Your instructions: In the records below, find the line containing "assert (c_ii : c" and the line containing "pose proof (bilax_trivial_braiding _ _ _ (id1 A) (id1 A) x"; please repeat exactly the lines from one to the other, both included, and nothing more.

BEGIN

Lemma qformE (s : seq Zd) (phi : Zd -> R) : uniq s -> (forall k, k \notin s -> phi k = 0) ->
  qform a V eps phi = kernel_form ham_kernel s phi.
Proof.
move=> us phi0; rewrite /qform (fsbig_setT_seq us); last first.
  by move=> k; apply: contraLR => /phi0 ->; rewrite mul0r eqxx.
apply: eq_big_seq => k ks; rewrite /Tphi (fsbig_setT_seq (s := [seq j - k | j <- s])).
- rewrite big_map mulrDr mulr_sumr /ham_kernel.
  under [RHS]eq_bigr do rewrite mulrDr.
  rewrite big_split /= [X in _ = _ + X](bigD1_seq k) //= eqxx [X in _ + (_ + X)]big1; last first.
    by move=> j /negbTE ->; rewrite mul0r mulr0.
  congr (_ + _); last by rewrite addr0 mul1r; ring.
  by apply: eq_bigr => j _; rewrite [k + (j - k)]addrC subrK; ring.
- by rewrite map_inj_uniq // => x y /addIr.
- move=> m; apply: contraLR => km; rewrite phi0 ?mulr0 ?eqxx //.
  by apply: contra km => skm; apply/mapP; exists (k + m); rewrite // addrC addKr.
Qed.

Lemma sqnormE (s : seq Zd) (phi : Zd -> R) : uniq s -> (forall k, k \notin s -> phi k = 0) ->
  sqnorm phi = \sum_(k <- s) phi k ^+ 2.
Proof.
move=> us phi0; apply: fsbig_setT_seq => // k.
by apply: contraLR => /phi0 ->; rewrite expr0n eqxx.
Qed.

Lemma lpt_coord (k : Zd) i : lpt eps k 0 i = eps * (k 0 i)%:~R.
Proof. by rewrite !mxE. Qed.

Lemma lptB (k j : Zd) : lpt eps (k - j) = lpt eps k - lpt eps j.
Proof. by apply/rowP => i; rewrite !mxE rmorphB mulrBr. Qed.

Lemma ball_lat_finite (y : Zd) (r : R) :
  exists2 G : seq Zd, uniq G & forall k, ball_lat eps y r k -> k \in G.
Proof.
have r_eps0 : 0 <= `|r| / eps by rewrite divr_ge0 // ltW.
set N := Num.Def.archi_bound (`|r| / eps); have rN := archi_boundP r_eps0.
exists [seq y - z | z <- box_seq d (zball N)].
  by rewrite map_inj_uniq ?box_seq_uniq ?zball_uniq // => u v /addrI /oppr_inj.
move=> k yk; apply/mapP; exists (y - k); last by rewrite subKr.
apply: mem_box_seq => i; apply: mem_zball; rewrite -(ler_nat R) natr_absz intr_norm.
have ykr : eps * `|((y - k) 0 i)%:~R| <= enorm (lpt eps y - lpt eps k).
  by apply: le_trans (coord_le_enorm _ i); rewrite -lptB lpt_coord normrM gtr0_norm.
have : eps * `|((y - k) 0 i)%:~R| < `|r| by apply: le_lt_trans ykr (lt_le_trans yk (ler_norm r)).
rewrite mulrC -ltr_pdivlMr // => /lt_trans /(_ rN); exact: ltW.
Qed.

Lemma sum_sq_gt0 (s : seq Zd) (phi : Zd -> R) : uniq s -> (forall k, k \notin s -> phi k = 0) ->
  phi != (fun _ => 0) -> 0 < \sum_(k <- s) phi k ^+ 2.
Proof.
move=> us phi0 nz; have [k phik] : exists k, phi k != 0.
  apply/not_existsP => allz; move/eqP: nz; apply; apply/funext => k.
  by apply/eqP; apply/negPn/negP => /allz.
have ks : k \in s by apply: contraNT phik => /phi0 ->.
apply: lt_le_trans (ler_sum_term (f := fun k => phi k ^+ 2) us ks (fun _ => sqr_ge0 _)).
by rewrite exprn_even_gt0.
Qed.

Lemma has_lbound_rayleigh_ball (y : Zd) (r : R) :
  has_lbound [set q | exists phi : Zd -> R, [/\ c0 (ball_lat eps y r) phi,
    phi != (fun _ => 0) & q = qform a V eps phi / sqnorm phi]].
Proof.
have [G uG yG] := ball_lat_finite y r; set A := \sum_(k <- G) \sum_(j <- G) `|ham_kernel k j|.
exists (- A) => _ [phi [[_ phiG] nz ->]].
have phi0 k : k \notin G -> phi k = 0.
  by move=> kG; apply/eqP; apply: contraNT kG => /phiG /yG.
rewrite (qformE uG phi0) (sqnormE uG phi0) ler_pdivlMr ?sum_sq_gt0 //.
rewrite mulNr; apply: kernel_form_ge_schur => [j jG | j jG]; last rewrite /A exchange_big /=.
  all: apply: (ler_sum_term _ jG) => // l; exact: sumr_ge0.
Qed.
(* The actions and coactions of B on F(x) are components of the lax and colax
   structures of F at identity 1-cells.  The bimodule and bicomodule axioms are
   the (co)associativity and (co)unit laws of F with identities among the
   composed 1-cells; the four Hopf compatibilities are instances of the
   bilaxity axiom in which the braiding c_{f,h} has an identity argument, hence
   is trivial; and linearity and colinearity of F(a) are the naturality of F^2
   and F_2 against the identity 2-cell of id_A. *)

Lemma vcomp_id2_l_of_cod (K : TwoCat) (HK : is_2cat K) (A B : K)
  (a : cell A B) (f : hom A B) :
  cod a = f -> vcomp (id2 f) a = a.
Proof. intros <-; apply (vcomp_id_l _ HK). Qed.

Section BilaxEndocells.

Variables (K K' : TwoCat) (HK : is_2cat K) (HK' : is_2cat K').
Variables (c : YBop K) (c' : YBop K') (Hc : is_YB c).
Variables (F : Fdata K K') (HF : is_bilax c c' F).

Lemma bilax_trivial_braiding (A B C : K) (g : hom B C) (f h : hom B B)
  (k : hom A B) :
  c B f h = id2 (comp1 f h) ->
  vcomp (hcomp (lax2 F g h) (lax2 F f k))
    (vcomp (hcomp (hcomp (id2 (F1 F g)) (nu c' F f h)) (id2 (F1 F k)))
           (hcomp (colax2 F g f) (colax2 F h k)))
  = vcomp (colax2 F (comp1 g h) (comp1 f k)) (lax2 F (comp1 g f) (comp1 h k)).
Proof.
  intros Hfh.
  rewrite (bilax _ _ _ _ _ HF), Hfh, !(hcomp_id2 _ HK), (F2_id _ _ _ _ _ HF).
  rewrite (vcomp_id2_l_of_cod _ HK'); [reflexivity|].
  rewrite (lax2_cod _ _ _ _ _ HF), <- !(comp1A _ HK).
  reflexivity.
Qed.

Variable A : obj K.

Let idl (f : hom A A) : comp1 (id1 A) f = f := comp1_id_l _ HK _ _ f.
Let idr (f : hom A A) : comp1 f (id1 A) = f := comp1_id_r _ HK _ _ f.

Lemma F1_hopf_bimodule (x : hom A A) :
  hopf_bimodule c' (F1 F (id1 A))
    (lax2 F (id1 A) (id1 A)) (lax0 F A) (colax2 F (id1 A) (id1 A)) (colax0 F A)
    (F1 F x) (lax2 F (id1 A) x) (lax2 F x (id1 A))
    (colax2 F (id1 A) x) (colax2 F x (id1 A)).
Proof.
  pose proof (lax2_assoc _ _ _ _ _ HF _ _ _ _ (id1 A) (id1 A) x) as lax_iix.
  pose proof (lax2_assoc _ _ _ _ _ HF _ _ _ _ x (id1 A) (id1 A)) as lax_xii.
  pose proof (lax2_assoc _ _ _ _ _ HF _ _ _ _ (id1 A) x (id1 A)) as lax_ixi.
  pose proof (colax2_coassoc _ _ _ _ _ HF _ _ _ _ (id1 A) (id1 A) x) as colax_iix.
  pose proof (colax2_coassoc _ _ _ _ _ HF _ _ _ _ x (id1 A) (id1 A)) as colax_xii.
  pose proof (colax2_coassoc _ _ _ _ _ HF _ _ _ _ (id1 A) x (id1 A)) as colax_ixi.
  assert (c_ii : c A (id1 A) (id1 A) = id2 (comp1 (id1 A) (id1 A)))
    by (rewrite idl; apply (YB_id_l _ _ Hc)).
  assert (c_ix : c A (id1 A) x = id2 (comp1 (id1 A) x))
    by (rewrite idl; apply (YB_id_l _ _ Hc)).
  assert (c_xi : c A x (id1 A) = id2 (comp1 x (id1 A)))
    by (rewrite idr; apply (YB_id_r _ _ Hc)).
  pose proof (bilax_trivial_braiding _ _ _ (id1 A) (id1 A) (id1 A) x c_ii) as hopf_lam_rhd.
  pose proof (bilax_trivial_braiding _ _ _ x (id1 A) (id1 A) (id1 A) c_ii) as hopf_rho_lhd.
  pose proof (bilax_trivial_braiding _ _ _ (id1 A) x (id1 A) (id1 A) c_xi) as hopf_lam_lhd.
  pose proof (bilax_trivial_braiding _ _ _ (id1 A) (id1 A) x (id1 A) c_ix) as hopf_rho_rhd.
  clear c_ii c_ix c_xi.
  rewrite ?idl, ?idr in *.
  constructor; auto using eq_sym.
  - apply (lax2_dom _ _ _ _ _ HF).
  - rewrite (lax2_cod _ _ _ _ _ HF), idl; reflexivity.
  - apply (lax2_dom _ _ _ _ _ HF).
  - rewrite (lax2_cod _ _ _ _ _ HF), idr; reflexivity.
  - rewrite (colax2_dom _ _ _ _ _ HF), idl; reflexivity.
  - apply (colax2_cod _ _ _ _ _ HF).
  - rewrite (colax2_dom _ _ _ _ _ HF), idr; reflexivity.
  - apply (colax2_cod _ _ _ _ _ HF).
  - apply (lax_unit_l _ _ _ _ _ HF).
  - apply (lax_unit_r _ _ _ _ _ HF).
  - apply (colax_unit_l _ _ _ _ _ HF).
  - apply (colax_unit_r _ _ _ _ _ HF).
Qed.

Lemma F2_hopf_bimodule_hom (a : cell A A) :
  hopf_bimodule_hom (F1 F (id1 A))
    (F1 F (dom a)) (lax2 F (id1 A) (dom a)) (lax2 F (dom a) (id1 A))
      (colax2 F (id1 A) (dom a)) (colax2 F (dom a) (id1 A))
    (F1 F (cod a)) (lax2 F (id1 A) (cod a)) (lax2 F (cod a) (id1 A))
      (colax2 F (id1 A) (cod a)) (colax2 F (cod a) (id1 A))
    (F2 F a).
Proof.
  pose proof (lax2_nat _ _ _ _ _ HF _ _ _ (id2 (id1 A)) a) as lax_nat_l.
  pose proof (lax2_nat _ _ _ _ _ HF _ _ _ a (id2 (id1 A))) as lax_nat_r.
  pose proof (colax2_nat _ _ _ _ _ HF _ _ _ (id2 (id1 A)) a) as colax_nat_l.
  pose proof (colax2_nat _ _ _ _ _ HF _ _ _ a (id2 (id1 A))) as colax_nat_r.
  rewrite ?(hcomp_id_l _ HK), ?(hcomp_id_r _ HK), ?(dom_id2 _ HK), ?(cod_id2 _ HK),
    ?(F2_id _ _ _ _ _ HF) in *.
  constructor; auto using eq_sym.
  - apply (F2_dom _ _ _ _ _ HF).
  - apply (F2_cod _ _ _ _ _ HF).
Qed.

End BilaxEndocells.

END

Result for this exercise:
  assert (c_ii : c A (id1 A) (id1 A) = id2 (comp1 (id1 A) (id1 A)))
    by (rewrite idl; apply (YB_id_l _ _ Hc)).
  assert (c_ix : c A (id1 A) x = id2 (comp1 (id1 A) x))
    by (rewrite idl; apply (YB_id_l _ _ Hc)).
  assert (c_xi : c A x (id1 A) = id2 (comp1 x (id1 A)))
    by (rewrite idr; apply (YB_id_r _ _ Hc)).
  pose proof (bilax_trivial_braiding _ _ _ (id1 A) (id1 A) (id1 A) x c_ii) as hopf_lam_rhd.
  pose proof (bilax_trivial_braiding _ _ _ x (id1 A) (id1 A) (id1 A) c_ii) as hopf_rho_lhd.
  pose proof (bilax_trivial_braiding _ _ _ (id1 A) x (id1 A) (id1 A) c_xi) as hopf_lam_lhd.
  pose proof (bilax_trivial_braiding _ _ _ (id1 A) (id1 A) x (id1 A) c_ix) as hopf_rho_rhd.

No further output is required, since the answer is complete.